(DATA FOR THIS EXERCISE Opens)
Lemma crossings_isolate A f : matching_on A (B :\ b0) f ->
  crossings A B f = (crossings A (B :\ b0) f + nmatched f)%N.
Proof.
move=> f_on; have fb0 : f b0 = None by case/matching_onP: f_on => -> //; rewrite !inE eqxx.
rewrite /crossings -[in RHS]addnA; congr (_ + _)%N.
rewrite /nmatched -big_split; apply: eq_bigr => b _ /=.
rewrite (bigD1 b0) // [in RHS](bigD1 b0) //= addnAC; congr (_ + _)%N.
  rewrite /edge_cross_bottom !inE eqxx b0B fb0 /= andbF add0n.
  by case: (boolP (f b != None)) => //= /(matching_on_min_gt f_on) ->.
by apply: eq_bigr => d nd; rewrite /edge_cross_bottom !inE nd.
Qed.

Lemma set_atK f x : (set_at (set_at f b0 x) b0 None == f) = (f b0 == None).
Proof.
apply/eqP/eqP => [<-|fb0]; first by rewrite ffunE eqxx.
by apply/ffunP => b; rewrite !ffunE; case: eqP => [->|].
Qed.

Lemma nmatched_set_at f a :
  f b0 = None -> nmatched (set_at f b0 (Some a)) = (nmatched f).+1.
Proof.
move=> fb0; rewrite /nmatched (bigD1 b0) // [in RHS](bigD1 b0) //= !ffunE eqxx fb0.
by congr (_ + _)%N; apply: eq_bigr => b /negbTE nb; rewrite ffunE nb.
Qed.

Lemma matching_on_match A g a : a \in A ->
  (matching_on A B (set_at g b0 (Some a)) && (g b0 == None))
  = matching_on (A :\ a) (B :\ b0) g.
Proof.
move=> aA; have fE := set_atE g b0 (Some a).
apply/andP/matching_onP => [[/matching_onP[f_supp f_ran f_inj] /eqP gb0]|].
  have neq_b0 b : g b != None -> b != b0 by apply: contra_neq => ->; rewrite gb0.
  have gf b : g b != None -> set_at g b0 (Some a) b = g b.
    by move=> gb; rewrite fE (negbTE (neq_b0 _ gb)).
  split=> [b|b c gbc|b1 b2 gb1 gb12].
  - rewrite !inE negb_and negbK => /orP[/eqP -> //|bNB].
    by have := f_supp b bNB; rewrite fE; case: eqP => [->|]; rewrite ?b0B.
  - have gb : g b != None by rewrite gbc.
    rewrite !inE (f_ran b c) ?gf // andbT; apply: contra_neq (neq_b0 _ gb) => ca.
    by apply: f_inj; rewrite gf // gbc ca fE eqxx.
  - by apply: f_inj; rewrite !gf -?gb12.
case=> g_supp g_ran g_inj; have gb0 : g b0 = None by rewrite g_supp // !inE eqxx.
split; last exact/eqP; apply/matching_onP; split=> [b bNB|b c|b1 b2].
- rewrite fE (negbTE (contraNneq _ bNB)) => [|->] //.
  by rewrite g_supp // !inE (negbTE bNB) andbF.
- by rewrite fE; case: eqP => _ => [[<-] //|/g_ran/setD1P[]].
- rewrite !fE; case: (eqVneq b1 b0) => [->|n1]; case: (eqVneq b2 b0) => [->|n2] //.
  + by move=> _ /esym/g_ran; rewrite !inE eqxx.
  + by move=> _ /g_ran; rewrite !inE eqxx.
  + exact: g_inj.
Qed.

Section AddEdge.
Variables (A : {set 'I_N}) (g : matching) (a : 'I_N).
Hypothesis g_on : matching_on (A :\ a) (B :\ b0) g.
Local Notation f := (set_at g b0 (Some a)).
(DATA FOR THIS EXERCISE Closes)
» TASK DETAILS
Look above for the line holding "by apply: f_inj; rewrite gf" and the line holding "by rewrite g_supp // !inE (negbTE", then output exactly those two lines and every line between them, nothing more.

» RESULT BELOW
    by apply: f_inj; rewrite gf // gbc ca fE eqxx.
  - by apply: f_inj; rewrite !gf -?gb12.
case=> g_supp g_ran g_inj; have gb0 : g b0 = None by rewrite g_supp // !inE eqxx.
split; last exact/eqP; apply/matching_onP; split=> [b bNB|b c|b1 b2].
- rewrite fE (negbTE (contraNneq _ bNB)) => [|->] //.
  by rewrite g_supp // !inE (negbTE bNB) andbF.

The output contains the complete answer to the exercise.